It is favorable when the holder, while still closed, is filled with an inert gas,, for example a rare gas, with a filling pressure of between approximately 1 hPa and approximately 100 hPa. Leaky holders can be readily identified in that the holders are made to pass through a high-frequency inductive field. Undamaged holders, unlike leaky ones, will show a clearly visible disturbance (induction peak) while passing the field, following which the leaky holders can be removed from the production process by automatic detection means.
The holder is preferably colored as a result of the reduction of the lead oxide. The following colors on a gradual color scale are obtained in that the degree of reduction of the lead oxide to lead is made to vary: clear transparent (colorless), pale brown, brown, dark brown, and black. Such colors may be obtained through a suitable choice of the reduction conditions and/or through the use of suitable variations in the period over which the holder is reduced.
The lead oxide may be reduced by means of a heat treatment in an atmosphere comprising hydrogen. The heat treatment takes place preferably at temperatures between 450° C. and 500° C. and in a reducing atmosphere which comprises hydrogen (H2) and nitrogen (N2).
The lead oxide is preferably reduced mainly at an outer surface of the holder. The desired coloring of the holder is thus quickly obtained, said coloring being indicative of the quantity of mercury present in the holder.

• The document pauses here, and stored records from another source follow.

(* Let $G=(V,E,w)$, $s$, $\tau$ (with $|\tau|\ge 2$) and a budget $b\ge 0$ be as in the context, and suppose that at least one feasible subgraph exists. Then \[ \max_{\substack{S\subseteq G \text{ feasible}}} \textsc{CD}_{\tau,s}(S) \;=\; \max_{\substack{S\in\mathcal{S}(\tau,s)\\ w(S)\le b}} \textsc{CD}_{\tau,s}(S), \] and in particular there is an optimal solution $S^\star\in\mathcal{S}(\tau,s)$ with $w(S^\star)\le b$.
   Context: Let $G=(V,E,w)$ be a finite directed graph with non-negative edge weights $w:E\to\mathbb{R}_{\ge 0}$. A path from $u$ to $v$ in a subgraph $S\subseteq G$ is a sequence $u=v_0\to v_1\to\cdots\to v_k=v$ ($k\ge 0$) with each $v_i\to v_{i+1}$ an edge of $S$; for $i\le j$, $w_P(v_i,v_j)=\sum_{m=i}^{j-1} w(v_m\to v_{m+1})$. A vertex $y$ is reachable from $x$ in $S$ if there is a path from $x$ to $y$ in $S$ (a vertex is reachable from itself). Fix a start vertex $s\in V$ and a finite target set $\tau\subseteq V\setminus\{s\}$ with $|\tau|\ge 2$. The cost of a subgraph $S$ is $w(S)=\sum_{e\in E(S)} w(e)$. For a subgraph $S$ containing $s$ and $\tau$ in which every target is reachable from $s$: for a path $P=v_0\to\cdots\to v_k$ in $S$ with $v_0=s$, $v_k=t\in\tau$, let $\ell$ be the largest index such that some target in $\tau\setminus\{t\}$ is reachable from $v_\ell$ in $S$; the last deceptive point is $l(P,t)=v_\ell$. The unique distance of $t\in\tau$ is $\textsc{U}_S(t)=\min\{w_P(l(P,t),t): P \text{ a path in } S \text{ from } s \text{ to } t\}$, and the counterdeceptiveness of $S$ is $\textsc{CD}_{\tau,s}(S)=\min_{t\in\tau}\textsc{U}_S(t)$. Given a budget $b\ge 0$, a subgraph $S\subseteq G$ is feasible if $s\in V(S)$, $\tau\subseteq V(S)$, every target is reachable from $s$ in $S$, and $w(S)\le b$. $\mathcal{S}(\tau,s)$ denotes the set of Steiner trees in $G$ rooted at $s$ with leaves in $\tau$: subgraphs $S\subseteq G$ that are out-arborescences rooted at $s$ (underlying undirected graph a tree, $s$ of in-degree $0$, every other vertex of in-degree $1$), with $\tau\subseteq V(S)$, and such that every leaf (vertex other than $s$ of out-degree $0$) belongs to $\tau$. *)

From HB Require Import structures.
From mathcomp Require Import all_boot all_order all_algebra.
From mathcomp Require Import classical_sets reals.
Set Implicit Arguments. Unset Strict Implicit. Unset Printing Implicit Defensive.
Import Order.TTheory GRing.Theory Num.Theory.
Local Open Scope ring_scope.
Local Open Scope classical_set_scope.

(* A directed graph G = (V, E, w): V a finite type, E : {set V * V} the set of
   directed edges (u, v) meaning u -> v, and w : V * V -> R (only its values on E
   matter; non-negativity on E is a hypothesis of the theorem). *)
Section Defs.
Variables (R : realType) (V : finType).

Definition subg := ({set V} * {set (V * V)})%type.

Definition is_subgraph (E : {set V * V}) (S : subg) : bool :=
  (S.2 \subset E) && [forall e in S.2, (e.1 \in S.1) && (e.2 \in S.1)].

Definition edgeS (S : subg) : rel V := fun x y => (x, y) \in S.2.

Definition reach (S : subg) (x y : V) : bool := connect (edgeS S) x y.

Definition cost (w : V * V -> R) (S : subg) : R := \sum_(e in S.2) w e.

Fixpoint walkw (w : V * V -> R) (p : seq V) : R :=
  match p with
  | x :: ((y :: _) as q) => w (x, y) + walkw w q
  | _ => 0
  end.

(* Paths from s to t in S are lists P = s :: xs with path (edgeS S) s xs and
   last s xs = t. *)
Definition ldp_index (S : subg) (tau : {set V}) (s t : V) (P : seq V) : nat :=
  \max_(i < size P | [exists t' in tau, (t' != t) && reach S (nth s P i) t']) i.

Definition deceptive_suffix_weight (w : V * V -> R) (S : subg) (tau : {set V})
    (s t : V) (P : seq V) : R :=
  walkw w (drop (ldp_index S tau s t P) P).

Definition unique_dist (w : V * V -> R) (S : subg) (tau : {set V}) (s t : V) : R :=
  inf [set deceptive_suffix_weight w S tau s t (s :: xs) |
        xs in [set xs : seq V | path (edgeS S) s xs && (last s xs == t)]].

Definition CD (w : V * V -> R) (tau : {set V}) (s : V) (S : subg) : R :=
  inf [set unique_dist w S tau s t | t in [set t : V | t \in tau]].

Definition feasible (E : {set V * V}) (w : V * V -> R) (s : V) (tau : {set V})
    (b : R) (S : subg) : Prop :=
  [/\ is_subgraph E S, s \in S.1, tau \subset S.1,
      (forall t, t \in tau -> reach S s t) & cost w S <= b].

Definition uedge (S : subg) : rel V := fun x y => ((x, y) \in S.2) || ((y, x) \in S.2).

Definition uconnected (S : subg) : Prop :=
  forall x y, x \in S.1 -> y \in S.1 -> connect (uedge S) x y.

(* a cycle in the underlying undirected (multi)graph: distinct vertices
   u_0..u_{k-1} (k >= 1), distinct edges e_0..e_{k-1} of S, e_i joining
   u_i and u_{(i+1) mod k} in either orientation *)
Definition ucycle (S : subg) (vs : seq V) (es : seq (V * V)) : bool :=
  match vs with
  | [::] => false
  | v0 :: _ =>
    [&& size es == size vs, uniq vs, uniq es,
        all (fun e => e \in S.2) es &
        all (fun i => let a := nth v0 vs i in
                      let c := nth v0 vs ((i + 1) %% size vs) in
                      let e := nth (a, c) es i in
                      (e == (a, c)) || (e == (c, a))) (iota 0 (size vs))]
  end.

Definition uacyclic (S : subg) : Prop := forall vs es, ~~ ucycle S vs es.

Definition indeg (S : subg) (v : V) : nat := #|[set e in S.2 | e.2 == v]|.
Definition outdeg (S : subg) (v : V) : nat := #|[set e in S.2 | e.1 == v]|.

(* S in the set of Steiner trees S(tau, s): an out-arborescence of G rooted at s
   (subgraph whose underlying undirected graph is a tree, s has in-degree 0, every
   other vertex in-degree 1) containing tau, all of whose leaves
   (vertices other than s of out-degree 0) are in tau. *)
Definition steiner_tree (E : {set V * V}) (s : V) (tau : {set V}) (S : subg) : Prop :=
  [/\ is_subgraph E S, s \in S.1, uconnected S & uacyclic S] /\
  [/\ indeg S s = 0%N,
      (forall v, v \in S.1 -> v != s -> indeg S v = 1%N),
      tau \subset S.1 &
      (forall v, v \in S.1 -> v != s -> outdeg S v = 0%N -> v \in tau)].

End Defs.

From Pilot Require Import Defs.
From HB Require Import structures.
From mathcomp Require Import all_boot all_order all_algebra.
From mathcomp Require Import boolp classical_sets reals.
Set Implicit Arguments. Unset Strict Implicit. Unset Printing Implicit Defensive.
Import Order.TTheory GRing.Theory Num.Theory.
Local Open Scope ring_scope.
Local Open Scope classical_set_scope.

(* Deleting edges can only increase counterdeceptiveness, as long as every target
   stays reachable from s: each s-t path survives in the larger graph, and there
   more targets are reachable from each of its vertices, so its last deceptive point
   can only move later and, the weights being nonnegative, the remaining suffix
   only gets lighter.  Deleting edges also lowers the cost.  Every feasible
   subgraph contains a Steiner tree that keeps the targets reachable: take a
   shortest-path tree from s (parents chosen at strictly smaller distance, so it is
   acyclic with in-degree one) and keep only the vertices from which a target is
   reachable in it, so that every leaf is a target.  Hence an optimum over the
   finitely many feasible subgraphs can be replaced by a Steiner tree that is at
   least as good, and conversely every Steiner tree within budget is feasible since
   every vertex of an arborescence is reachable from its root. *)

Local Notation fsubsetP := fintype.subsetP.

Section WalkWeights.
Variables (R : realType) (V : finType) (w : V * V -> R) (r : rel V).
Hypothesis w_ge0 : forall a b, r a b -> 0 <= w (a, b).

Lemma walkw_drop_ge0 x p n : path r x p -> 0 <= walkw w (drop n (x :: p)).
Proof.
elim: p x n => [|y p IH] x n /=; first by case: n.
move=> /andP[rxy yp]; case: n => [|n]; last exact: IH.
by rewrite drop0 /= addr_ge0 ?w_ge0 // (IH y 0%N yp).
Qed.

Lemma walkw_dropS_le x p n :
  path r x p -> walkw w (drop n.+1 (x :: p)) <= walkw w (drop n (x :: p)).
Proof.
elim: p x n => [|y p IH] x n /=; first by case: n.
move=> /andP[rxy yp]; case: n => [|n]; last exact: IH.
by rewrite drop0 /= lerDr w_ge0.
Qed.

Lemma walkw_drop_le x p i j : path r x p -> (j <= i)%N ->
  walkw w (drop i (x :: p)) <= walkw w (drop j (x :: p)).
Proof.
move=> xp /subnK <-; elim: (i - j)%N => [|k IH] //.
by rewrite addSn (le_trans (walkw_dropS_le _ xp)).
Qed.

End WalkWeights.

Lemma reach_subgraph (V : finType) (S T : subg V) x y :
  T.2 \subset S.2 -> reach T x y -> reach S x y.
Proof.
by move=> TS; apply: connect_sub => a b ab; apply/connect1/(fsubsetP TS).
Qed.

Section SubgraphMonotonicity.
Variables (R : realType) (V : finType) (w : V * V -> R) (tau : {set V}) (s : V).
Variables (S T : subg V).
Hypotheses (w_ge0 : {in S.2, forall e, 0 <= w e}) (TS : T.2 \subset S.2).

Lemma ldp_index_subgraph t P : (ldp_index T tau s t P <= ldp_index S tau s t P)%N.
Proof.
apply/bigmax_leqP => i /existsP[t' /and3P[t'_tau t'_neq reach_t']].
apply: leq_bigmax_cond; apply/existsP; exists t'.
by rewrite t'_tau t'_neq (reach_subgraph TS).
Qed.

Lemma deceptive_suffix_weight_ge0 t xs : path (edgeS S) s xs ->
  0 <= deceptive_suffix_weight w S tau s t (s :: xs).
Proof. by apply: walkw_drop_ge0 => a b; apply: w_ge0. Qed.

Lemma unique_dist_ge0 t : reach S s t -> 0 <= unique_dist w S tau s t.
Proof.
case/connectP => p sp tp; apply: lb_le_inf.
  by exists (deceptive_suffix_weight w S tau s t (s :: p)); exists p; rewrite //= sp tp eqxx.
by move=> _ [xs /andP[sxs _] <-]; apply: deceptive_suffix_weight_ge0.
Qed.

Lemma unique_dist_subgraph t :
  reach T s t -> unique_dist w S tau s t <= unique_dist w T tau s t.
Proof.
case/connectP => p sp tp; apply: lb_le_inf.
  by exists (deceptive_suffix_weight w T tau s t (s :: p)); exists p; rewrite //= sp tp eqxx.
move=> _ [xs /andP[sxs /eqP txs] <-].
have sxs_S : path (edgeS S) s xs by apply: sub_path sxs => a b /(fsubsetP TS).
apply: le_trans (ge_inf _ _) _.
- exists 0 => _ [ys /andP[sys _] <-]; exact: deceptive_suffix_weight_ge0.
- by exists xs; rewrite //= sxs_S txs eqxx.
apply: walkw_drop_le sxs_S (ldp_index_subgraph _ _) => a b; exact: w_ge0.
Qed.

Lemma CD_subgraph : (exists t, t \in tau) -> {in tau, forall t, reach T s t} ->
  CD w tau s S <= CD w tau s T.
Proof.
move=> [t0 t0_tau] reach_T; apply: lb_le_inf.
  by exists (unique_dist w T tau s t0); exists t0.
move=> _ [t t_tau <-]; apply: le_trans (ge_inf _ _) (unique_dist_subgraph (reach_T t t_tau)).
- exists 0 => _ [t' t'_tau <-].
  exact/unique_dist_ge0/(reach_subgraph TS)/reach_T.
- by exists t.
Qed.

End SubgraphMonotonicity.

Lemma iter_cycle (T : finType) (f : T -> T) x : exists i k,
  [/\ (0 < k)%N, iter k f (iter i f x) = iter i f x & uniq (traject f (iter i f x) k)].
Proof.
have looping_card : looping f x #|T|.
  apply/negPn; rewrite -looping_uniq; apply/negP => /card_uniqP.
  rewrite size_traject => card_traject.
  by have := max_card (mem (traject f x #|T|.+1)); rewrite card_traject ltnn.
case: (ex_minnP (ex_intro (looping f x) _ looping_card)) => -[//|n] loop_n min_n.
have uniq_n : uniq (traject f x n.+1).
  by rewrite looping_uniq; apply/negP => /min_n; rewrite ltnn.
case/trajectP: loop_n => i lt_in eq_i.
set k := (n.+1 - i)%N; have def_n : n.+1 = (i + k)%N by rewrite subnKC // ltnW.
exists i, k; split; first by rewrite subn_gt0.
  by rewrite -iterD addnC -def_n.
by move: uniq_n; rewrite def_n trajectD cat_uniq => /and3P[].
Qed.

Since the major portion of the holder material consists of a glass comprising lead oxide in non-reduced form, a glass holder is obtained which for the remaining part has the desired properties (i.e. as regards the strength and stability of the glass envelope of the holder).
A low-pressure mercury vapor discharge lamp is thus obtained in a simple manner by the above method, which lamp can be manufactured in a comparatively simple manner by the method according to the invention.

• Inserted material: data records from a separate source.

(* Let $\ell\ge 2$, $N\ge 1$ and $D\ge 0$ be integers and let $T=4D\lceil\log_\ell N\rceil+1$. There exists a $T$-$(T,N,D)$-tropical protocol within maximum delay $\ell$.
   Context: Tropical arithmetic on $\mathbb{R}\cup\{\infty\}$: $x\oplus y=\min(x,y)$, $x\odot y=x+y$, with $x\oplus\infty=x$ and $x\odot\infty=\infty$; for a matrix $S$ and vector $\mathbf{x}$, $(S\odot\mathbf{x})_t=\min_j(S_{tj}+x_j)$. An $R$-$(T,N,D)$-tropical protocol consists of $R$ functions $\mathcal{S}^{(1)},\dots,\mathcal{S}^{(R)}$: $S^{(1)}=\mathcal{S}^{(1)}()$ is a fixed matrix, and for $r\ge 2$, $S^{(r)}=\mathcal{S}^{(r)}$ applied to the results $\bigl(S^{(1)};\dots;S^{(r-1)}\bigr)\odot\mathbf{x}$ of all previous rounds (vertical stacking); each $S^{(r)}$ has $N$ columns, entries in $\{0\}\cup\mathbb{N}\cup\{\infty\}$, and a number of rows that may depend on previous results, the total number of rows being at most $T$ for every $\mathbf{x}$; and the final result $\bigl(S^{(1)};\dots;S^{(R)}\bigr)\odot\mathbf{x}$ determines $\mathbf{x}$ uniquely among all $\mathbf{x}\in(\{0\}\cup\mathbb{N}\cup\{\infty\})^N$ with at most $D$ finite entries. It is within maximum delay $\ell$ if all schedule matrices use only entries in $\{0,1,\dots,\ell,\infty\}$. *)

From mathcomp Require Import all_boot.
Set Implicit Arguments. Unset Strict Implicit. Unset Printing Implicit Defensive.

(* Tropical numbers {0} ∪ ℕ ∪ {∞}: [Some n] is the finite value n, [None] is ∞. *)
Definition trop := option nat.

Definition tadd (a b : trop) : trop :=
  match a, b with
  | Some m, Some n => Some (minn m n)
  | Some m, None => Some m
  | None, b => b
  end.

Definition tmul (a b : trop) : trop :=
  match a, b with
  | Some m, Some n => Some (m + n)
  | _, _ => None
  end.

Definition trow (N : nat) := {ffun 'I_N -> trop}.
Definition tvec (N : nat) := {ffun 'I_N -> trop}.

Definition row_apply N (s : trow N) (x : tvec N) : trop :=
  \big[tadd/None]_(j < N) tmul (s j) (x j).

(* A protocol is given by its round functions: [S r prev] is the schedule
   matrix (list of rows) of round r+1 (0-indexed r), computed from the
   vertically stacked results [prev] of all previous rounds. *)
Definition protocol N := nat -> seq trop -> seq (trow N).

Fixpoint run N (S : protocol N) (r : nat) (x : tvec N) : seq trop :=
  match r with
  | 0 => [::]
  | r'.+1 => let prev := run S r' x in
             prev ++ map (fun s => row_apply s x) (S r' prev)
  end.

Definition nfinite N (x : tvec N) : nat := #|[set j | x j != None]|.

Definition is_tropical_protocol (R T N D : nat) (S : protocol N) : Prop :=
  (forall x : tvec N, size (run S R x) <= T) /\
  (forall x y : tvec N, nfinite x <= D -> nfinite y <= D ->
     run S R x = run S R y -> x = y).

Definition within_delay (R N l : nat) (S : protocol N) : Prop :=
  forall (x : tvec N) (r : nat), r < R ->
    forall s, s \in S r (run S r x) ->
      forall j : 'I_N, match s j with Some e => e <= l | None => true end.

Arguments is_tropical_protocol : clear implicits.
Arguments within_delay : clear implicits.

From HB Require Import structures.
From mathcomp Require Import all_boot zify.
From Stdlib Require Import ClassicalEpsilon.
Set Implicit Arguments. Unset Strict Implicit. Unset Printing Implicit Defensive.

(* A protocol is read off an adaptive strategy: each round asks the query that the strategy
   prescribes after the answers of the previous rounds.  So it suffices to determine every x
   with at most D finite entries by 4 D ceil(log_l N) + 1 adaptively chosen queries with
   delays in {0,...,l,oo}.
   Group the positions into the l-ary tree of blocks [k l^h, (k+1) l^h).  A first query
   returns the minimum of x.  When the minimum m of x on a list of at most l blocks is known,
   the query delaying the i-th block by i returns r = min (i + x_j); every minimiser lies in a
   block of index at least r - m, and r is attained in a block of index at most r - m, so a
   few delay-free queries around this pivot block split the list into shorter lists of known
   minimum, and a single block is replaced by its l children.  A potential charging 4c - 2
   to a nonempty block with c nonempty children, plus the charges of the children, is at most
   4 ceil(log_l N) times the number of finite entries and decreases with every query. *)

(** * Tropical minima *)

Lemma taddA : associative tadd.
Proof. by case=> [a|] [b|] [c|] //=; rewrite minnA. Qed.

Lemma taddC : commutative tadd.
Proof. by case=> [a|] [b|] //=; rewrite minnC. Qed.

Lemma add0t : left_id None tadd.
Proof. by case. Qed.

HB.instance Definition _ := Monoid.isComLaw.Build trop None tadd taddA taddC add0t.

Definition tle (a b : trop) : bool :=
  match a, b with
  | _, None => true
  | None, Some _ => false
  | Some m, Some n => m <= n
  end.

Lemma tle_taddl a b : tle (tadd a b) a.
Proof. by case: a b => [a|] [b|] //=; rewrite geq_minl. Qed.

Usually, the holder will remain inside the finished low-pressure mercury vapor discharge lamp after the manufacture of this lamp. It is favorable for the holder to be positioned in a recess of the discharge vessel in those lamps in which the holder in addition comprises an amalgam. The amalgam in the holder may have a comparatively low temperature, depending on the distance from the holder to the other lamp components. Alternatively, the holder may be arranged in a more central position in the discharge vessel, for example in the discharge space. Such an embodiment may be favorable when the holder was used exclusively for dosing mercury, or when the holder contains an amalgam which regulates the mercury vapor pressure required for an optimum lamp operation at a comparatively high temperature. If the discharge vessel is provided with a luminescent layer, a window may be provided therein for admitting radiation to the holder from outside the discharge vessel during lamp manufacture.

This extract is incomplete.